Instructions to follow: Give back only the lines in the records below from the one with "Proof. by move=>" to the one with "by move=> /alignedP", both inclusive, word for word.

Supplied material:
*** Block opens ***
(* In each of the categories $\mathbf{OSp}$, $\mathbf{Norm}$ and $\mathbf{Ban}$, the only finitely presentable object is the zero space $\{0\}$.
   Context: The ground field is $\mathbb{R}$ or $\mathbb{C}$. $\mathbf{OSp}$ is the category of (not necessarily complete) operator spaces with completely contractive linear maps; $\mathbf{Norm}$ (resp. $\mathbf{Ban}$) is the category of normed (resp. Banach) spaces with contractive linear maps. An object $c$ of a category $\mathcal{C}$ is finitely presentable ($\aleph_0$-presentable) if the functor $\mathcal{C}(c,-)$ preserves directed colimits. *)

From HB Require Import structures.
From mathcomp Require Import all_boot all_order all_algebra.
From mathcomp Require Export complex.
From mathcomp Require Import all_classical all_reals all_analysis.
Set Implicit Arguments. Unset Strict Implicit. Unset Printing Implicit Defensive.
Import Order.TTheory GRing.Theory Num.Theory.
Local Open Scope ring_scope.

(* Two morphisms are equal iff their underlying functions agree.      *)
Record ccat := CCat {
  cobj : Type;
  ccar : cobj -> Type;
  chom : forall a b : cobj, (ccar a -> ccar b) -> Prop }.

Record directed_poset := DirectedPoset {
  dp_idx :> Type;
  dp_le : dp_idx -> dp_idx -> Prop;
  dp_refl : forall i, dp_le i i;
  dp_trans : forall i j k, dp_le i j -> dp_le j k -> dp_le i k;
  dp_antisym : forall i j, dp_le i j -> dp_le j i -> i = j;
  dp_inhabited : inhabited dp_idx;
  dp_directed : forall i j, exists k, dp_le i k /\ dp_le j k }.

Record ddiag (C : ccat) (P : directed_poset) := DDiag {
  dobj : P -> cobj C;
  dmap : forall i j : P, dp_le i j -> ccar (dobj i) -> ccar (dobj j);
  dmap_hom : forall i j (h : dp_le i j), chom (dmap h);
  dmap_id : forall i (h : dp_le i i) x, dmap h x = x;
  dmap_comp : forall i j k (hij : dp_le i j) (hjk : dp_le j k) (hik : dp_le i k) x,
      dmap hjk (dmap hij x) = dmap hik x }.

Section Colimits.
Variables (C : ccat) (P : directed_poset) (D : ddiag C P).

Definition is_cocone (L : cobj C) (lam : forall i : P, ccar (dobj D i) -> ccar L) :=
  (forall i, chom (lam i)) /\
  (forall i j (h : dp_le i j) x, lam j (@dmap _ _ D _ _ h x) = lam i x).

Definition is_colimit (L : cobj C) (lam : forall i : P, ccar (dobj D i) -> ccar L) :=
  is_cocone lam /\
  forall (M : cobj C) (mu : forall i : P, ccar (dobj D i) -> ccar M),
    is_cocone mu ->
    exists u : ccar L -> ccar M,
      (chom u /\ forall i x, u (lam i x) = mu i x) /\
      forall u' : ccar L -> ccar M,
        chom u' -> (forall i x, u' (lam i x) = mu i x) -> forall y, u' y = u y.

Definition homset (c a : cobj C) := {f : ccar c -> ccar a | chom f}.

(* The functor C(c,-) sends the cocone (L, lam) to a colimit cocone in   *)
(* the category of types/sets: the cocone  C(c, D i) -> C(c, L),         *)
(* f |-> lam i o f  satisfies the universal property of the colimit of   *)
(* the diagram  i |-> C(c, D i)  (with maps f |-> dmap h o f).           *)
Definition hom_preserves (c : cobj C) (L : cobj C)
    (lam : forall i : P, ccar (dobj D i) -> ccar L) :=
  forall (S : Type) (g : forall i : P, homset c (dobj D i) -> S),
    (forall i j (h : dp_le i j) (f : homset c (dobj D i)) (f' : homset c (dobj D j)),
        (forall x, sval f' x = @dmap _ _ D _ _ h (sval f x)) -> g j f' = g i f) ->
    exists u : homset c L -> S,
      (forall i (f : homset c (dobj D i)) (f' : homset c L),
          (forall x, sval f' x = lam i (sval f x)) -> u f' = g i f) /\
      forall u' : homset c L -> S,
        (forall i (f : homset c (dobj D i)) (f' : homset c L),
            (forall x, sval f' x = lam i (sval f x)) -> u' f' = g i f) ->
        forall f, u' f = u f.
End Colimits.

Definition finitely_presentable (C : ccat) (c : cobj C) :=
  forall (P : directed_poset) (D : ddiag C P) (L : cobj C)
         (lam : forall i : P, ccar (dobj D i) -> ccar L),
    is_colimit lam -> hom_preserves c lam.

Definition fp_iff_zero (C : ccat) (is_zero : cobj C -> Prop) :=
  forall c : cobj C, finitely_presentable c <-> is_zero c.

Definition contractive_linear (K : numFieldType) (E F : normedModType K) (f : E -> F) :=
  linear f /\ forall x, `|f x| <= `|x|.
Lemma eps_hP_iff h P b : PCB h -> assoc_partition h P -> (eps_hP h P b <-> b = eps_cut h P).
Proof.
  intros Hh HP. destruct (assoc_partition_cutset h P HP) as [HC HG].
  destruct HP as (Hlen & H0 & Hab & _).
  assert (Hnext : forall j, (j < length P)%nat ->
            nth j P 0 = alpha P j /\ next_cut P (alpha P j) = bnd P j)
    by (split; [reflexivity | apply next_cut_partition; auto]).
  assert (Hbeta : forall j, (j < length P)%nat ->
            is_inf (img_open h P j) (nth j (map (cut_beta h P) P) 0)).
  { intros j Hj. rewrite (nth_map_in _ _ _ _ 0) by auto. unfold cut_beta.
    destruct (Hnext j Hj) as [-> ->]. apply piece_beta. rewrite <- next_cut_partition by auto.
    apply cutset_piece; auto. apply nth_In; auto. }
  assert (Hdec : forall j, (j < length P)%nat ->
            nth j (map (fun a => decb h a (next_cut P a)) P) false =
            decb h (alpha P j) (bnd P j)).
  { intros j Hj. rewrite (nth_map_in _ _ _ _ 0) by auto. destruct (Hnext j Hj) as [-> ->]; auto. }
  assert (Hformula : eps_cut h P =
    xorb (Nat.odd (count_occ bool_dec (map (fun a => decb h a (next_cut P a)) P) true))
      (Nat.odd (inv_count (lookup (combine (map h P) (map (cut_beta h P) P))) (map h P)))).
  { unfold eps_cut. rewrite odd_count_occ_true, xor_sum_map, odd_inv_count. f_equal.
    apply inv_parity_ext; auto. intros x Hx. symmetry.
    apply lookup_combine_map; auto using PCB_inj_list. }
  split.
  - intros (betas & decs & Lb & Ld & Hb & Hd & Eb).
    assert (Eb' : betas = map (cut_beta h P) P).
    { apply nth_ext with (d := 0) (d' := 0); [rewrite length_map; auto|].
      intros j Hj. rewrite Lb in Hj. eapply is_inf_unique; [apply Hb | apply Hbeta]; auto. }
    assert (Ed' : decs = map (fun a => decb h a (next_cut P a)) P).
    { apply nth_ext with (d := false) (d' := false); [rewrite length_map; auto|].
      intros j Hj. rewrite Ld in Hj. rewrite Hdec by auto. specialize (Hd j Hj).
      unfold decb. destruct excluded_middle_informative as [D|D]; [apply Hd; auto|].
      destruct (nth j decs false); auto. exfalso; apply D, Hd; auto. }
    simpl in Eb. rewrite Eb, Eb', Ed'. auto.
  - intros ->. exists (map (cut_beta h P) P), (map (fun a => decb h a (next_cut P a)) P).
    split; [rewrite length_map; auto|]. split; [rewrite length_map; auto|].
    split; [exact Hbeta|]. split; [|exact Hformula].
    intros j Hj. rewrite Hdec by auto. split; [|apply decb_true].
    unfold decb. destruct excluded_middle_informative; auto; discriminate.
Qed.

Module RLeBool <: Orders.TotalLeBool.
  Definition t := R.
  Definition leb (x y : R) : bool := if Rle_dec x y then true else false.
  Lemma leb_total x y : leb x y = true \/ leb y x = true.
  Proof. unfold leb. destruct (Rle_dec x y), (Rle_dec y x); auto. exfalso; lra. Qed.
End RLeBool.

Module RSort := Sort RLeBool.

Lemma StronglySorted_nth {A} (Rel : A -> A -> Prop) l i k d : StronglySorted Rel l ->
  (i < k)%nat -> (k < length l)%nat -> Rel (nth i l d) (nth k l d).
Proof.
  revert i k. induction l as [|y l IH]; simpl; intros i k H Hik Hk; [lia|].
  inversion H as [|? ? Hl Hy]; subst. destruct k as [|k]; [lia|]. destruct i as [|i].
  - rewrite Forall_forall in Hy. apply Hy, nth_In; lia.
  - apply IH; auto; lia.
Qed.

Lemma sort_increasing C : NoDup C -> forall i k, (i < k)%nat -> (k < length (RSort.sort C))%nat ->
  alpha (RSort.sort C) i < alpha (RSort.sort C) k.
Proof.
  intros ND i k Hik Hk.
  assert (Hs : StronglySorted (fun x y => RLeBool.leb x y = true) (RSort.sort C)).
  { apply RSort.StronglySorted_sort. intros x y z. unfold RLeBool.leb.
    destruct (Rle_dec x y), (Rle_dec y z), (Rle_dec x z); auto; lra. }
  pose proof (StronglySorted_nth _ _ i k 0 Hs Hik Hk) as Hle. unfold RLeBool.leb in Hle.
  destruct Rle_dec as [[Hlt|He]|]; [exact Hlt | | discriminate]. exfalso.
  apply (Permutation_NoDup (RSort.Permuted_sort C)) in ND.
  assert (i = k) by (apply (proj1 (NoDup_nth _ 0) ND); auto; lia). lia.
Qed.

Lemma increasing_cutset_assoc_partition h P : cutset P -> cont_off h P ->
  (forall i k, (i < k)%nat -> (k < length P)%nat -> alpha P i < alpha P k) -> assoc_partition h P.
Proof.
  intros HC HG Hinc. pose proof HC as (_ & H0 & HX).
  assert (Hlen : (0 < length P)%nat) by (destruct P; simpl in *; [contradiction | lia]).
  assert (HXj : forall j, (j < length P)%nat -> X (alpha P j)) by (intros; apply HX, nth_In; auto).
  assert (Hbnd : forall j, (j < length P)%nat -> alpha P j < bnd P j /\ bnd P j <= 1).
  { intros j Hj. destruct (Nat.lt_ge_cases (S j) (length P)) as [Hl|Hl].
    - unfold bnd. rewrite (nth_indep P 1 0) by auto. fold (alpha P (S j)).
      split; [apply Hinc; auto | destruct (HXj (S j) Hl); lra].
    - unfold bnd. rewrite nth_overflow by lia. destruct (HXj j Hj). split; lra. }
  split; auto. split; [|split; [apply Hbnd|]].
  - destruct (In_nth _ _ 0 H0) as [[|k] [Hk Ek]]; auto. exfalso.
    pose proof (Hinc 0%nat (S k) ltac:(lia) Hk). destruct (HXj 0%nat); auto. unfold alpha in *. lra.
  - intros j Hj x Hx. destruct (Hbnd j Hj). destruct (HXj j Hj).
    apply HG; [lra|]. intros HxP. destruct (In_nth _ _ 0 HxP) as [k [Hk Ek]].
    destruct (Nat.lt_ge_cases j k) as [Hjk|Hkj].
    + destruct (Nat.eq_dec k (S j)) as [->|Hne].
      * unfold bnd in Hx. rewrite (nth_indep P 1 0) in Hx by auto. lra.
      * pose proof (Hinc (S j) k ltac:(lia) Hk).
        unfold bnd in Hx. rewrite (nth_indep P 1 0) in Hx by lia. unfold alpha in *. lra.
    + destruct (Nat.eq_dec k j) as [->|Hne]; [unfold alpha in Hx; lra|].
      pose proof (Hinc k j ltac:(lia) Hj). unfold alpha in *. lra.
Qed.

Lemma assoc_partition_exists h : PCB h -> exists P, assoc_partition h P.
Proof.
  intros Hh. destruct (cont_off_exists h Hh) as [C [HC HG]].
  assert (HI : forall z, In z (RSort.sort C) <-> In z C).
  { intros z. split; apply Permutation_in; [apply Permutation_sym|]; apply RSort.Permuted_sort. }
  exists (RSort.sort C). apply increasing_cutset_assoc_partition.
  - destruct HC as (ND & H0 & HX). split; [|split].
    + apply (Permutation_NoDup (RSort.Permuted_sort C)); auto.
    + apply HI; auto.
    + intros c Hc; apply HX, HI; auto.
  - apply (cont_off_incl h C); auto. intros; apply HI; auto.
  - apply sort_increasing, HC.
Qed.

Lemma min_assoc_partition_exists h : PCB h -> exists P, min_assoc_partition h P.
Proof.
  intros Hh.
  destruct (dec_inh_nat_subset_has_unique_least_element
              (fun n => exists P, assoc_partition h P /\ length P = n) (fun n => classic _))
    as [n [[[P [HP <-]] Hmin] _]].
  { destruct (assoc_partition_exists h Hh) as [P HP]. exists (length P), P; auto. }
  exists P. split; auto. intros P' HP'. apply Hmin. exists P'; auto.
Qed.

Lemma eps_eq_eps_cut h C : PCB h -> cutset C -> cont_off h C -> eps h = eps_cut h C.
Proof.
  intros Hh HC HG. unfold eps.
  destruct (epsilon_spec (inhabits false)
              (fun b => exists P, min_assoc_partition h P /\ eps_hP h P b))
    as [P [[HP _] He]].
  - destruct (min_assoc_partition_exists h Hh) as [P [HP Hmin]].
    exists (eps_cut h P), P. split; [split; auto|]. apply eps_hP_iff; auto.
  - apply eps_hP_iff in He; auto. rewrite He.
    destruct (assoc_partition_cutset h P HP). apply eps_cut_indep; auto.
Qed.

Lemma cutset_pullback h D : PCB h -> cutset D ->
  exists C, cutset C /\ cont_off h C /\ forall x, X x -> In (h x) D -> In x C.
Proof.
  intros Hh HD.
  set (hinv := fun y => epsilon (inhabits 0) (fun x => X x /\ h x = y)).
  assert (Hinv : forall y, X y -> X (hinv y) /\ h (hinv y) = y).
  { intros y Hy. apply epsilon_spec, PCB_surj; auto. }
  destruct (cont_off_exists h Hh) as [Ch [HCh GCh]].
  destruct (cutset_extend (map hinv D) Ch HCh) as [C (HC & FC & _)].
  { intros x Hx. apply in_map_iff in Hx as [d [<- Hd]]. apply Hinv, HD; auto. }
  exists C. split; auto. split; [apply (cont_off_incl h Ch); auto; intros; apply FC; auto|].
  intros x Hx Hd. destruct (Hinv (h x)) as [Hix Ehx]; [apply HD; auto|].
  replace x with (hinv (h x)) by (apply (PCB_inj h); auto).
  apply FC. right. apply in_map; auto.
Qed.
*** Block closes ***
*** Block opens ***
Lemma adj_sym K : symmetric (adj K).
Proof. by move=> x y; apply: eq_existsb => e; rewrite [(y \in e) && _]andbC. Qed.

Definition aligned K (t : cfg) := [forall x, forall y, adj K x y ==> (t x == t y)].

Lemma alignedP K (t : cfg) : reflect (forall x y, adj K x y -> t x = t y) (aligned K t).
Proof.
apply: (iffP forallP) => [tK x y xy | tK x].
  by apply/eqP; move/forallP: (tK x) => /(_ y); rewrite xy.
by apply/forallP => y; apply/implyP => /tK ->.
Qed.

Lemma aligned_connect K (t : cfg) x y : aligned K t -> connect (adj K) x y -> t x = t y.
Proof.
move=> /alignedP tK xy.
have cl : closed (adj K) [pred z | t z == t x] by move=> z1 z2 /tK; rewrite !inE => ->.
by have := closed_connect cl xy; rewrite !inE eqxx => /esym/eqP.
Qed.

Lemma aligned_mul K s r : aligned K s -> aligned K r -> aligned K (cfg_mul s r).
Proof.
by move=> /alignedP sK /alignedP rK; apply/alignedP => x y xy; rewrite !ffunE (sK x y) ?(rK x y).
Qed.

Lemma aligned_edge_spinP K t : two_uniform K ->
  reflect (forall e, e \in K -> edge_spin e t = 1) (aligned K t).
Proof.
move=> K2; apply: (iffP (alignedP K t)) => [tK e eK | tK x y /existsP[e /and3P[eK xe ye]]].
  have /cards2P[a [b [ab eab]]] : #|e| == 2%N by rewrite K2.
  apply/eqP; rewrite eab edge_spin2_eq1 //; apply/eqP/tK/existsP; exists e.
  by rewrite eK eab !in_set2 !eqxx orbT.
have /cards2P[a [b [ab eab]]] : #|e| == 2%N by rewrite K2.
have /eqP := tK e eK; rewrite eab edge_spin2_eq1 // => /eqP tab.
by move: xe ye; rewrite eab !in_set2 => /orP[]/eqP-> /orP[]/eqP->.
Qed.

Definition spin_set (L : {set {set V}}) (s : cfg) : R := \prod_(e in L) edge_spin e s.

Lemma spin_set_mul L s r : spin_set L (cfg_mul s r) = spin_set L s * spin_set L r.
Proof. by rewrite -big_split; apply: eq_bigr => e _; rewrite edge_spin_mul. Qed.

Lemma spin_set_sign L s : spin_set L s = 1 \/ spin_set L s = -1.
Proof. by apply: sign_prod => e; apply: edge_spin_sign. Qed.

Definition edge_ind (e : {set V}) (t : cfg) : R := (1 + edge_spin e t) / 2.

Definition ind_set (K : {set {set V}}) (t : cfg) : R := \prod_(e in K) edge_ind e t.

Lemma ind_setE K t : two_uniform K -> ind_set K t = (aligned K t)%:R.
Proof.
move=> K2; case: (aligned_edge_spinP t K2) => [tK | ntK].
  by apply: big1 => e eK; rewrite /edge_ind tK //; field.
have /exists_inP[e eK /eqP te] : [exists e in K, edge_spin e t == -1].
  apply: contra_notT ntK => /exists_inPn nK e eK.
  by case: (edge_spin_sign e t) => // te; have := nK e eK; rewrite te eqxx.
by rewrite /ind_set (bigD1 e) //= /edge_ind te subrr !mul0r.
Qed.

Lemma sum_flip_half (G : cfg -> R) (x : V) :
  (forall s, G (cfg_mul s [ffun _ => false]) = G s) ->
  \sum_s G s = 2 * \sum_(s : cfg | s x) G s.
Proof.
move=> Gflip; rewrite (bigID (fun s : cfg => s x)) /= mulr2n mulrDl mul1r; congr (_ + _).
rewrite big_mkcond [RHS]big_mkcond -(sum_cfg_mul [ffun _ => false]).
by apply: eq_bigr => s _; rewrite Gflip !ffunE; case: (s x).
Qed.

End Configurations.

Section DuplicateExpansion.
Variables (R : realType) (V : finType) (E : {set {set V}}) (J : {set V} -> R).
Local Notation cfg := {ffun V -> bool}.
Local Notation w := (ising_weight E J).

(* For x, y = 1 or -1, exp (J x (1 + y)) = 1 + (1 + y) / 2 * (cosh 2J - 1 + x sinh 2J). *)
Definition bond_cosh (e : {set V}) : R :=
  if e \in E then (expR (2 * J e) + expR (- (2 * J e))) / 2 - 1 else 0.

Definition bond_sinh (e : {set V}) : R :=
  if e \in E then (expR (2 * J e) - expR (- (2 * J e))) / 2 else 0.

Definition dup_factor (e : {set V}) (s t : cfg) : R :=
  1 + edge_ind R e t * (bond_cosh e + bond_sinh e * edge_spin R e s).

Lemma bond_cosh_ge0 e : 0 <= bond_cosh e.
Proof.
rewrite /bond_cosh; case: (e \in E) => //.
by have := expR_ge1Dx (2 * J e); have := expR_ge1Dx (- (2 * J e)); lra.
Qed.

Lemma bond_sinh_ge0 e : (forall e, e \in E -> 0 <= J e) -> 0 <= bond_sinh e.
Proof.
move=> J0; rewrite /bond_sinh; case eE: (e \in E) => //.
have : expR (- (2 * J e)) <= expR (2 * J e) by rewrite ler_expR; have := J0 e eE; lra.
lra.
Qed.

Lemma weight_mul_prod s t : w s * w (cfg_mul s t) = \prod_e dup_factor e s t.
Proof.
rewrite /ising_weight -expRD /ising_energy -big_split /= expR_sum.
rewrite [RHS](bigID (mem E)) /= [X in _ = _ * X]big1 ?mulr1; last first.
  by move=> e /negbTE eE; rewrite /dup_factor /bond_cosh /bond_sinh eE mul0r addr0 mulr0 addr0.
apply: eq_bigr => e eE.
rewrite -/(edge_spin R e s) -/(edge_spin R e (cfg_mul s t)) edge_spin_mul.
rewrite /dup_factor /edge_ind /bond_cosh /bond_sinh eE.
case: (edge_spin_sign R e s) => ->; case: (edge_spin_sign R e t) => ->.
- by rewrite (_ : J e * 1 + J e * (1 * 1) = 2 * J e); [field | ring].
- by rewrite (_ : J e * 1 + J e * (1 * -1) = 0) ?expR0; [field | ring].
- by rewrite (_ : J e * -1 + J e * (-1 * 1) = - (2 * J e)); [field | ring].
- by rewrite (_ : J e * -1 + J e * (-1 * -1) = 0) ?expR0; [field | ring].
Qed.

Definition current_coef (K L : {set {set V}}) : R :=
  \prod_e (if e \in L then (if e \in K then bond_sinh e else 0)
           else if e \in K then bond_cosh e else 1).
*** Block closes ***
*** Block opens ***
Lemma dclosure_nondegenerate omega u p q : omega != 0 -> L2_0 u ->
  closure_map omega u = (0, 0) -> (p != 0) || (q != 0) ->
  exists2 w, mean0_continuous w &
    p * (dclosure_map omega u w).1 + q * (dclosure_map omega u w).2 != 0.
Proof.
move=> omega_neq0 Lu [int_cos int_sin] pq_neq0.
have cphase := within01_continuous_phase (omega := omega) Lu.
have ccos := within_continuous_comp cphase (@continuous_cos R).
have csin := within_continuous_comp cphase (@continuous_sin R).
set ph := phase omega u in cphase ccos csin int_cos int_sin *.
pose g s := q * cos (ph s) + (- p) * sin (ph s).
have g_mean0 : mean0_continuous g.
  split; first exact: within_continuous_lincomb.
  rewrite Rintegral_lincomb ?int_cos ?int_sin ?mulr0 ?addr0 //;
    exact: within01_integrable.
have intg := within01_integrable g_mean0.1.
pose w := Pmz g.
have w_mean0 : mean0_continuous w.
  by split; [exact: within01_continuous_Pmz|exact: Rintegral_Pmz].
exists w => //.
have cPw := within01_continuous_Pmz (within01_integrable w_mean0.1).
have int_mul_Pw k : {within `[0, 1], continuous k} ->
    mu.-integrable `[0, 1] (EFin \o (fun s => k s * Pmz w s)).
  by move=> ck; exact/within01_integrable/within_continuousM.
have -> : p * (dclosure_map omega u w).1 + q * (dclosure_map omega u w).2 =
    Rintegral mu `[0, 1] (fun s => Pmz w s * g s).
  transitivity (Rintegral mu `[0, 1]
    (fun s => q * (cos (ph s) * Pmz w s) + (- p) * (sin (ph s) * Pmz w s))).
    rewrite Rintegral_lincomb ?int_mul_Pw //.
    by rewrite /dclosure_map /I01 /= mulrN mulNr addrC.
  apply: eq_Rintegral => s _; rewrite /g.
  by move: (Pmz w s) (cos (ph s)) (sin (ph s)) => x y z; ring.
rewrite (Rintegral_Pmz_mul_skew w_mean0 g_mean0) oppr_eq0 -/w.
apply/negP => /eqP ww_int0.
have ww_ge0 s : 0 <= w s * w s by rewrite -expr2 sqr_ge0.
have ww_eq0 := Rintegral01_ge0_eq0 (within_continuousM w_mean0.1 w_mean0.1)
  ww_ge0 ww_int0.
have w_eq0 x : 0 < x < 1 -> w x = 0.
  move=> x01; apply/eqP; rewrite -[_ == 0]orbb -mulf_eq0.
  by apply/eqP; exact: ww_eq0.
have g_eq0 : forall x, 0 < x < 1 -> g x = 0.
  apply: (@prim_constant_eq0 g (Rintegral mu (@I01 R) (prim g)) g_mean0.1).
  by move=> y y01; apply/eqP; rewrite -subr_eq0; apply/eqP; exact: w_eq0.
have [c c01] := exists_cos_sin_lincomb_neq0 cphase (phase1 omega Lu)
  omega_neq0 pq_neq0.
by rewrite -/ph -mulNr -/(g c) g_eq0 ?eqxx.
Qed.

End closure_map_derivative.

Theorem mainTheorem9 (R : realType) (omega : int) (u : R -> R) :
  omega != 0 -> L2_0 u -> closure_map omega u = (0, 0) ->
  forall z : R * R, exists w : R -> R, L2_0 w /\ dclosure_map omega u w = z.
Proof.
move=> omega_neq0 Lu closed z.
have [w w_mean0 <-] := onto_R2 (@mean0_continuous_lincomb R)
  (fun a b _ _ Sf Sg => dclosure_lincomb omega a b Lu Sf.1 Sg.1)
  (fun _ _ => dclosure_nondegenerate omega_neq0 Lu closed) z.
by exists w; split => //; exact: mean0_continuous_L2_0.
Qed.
*** Block closes ***
Problem solution:
Proof. by move=> x y; apply: eq_existsb => e; rewrite [(y \in e) && _]andbC. Qed.

Definition aligned K (t : cfg) := [forall x, forall y, adj K x y ==> (t x == t y)].

Lemma alignedP K (t : cfg) : reflect (forall x y, adj K x y -> t x = t y) (aligned K t).
Proof.
apply: (iffP forallP) => [tK x y xy | tK x].
  by apply/eqP; move/forallP: (tK x) => /(_ y); rewrite xy.
by apply/forallP => y; apply/implyP => /tK ->.
Qed.

Lemma aligned_connect K (t : cfg) x y : aligned K t -> connect (adj K) x y -> t x = t y.
Proof.
move=> /alignedP tK xy.
have cl : closed (adj K) [pred z | t z == t x] by move=> z1 z2 /tK; rewrite !inE => ->.
by have := closed_connect cl xy; rewrite !inE eqxx => /esym/eqP.
Qed.

Lemma aligned_mul K s r : aligned K s -> aligned K r -> aligned K (cfg_mul s r).
Proof.
by move=> /alignedP sK /alignedP rK; apply/alignedP => x y xy; rewrite !ffunE (sK x y) ?(rK x y).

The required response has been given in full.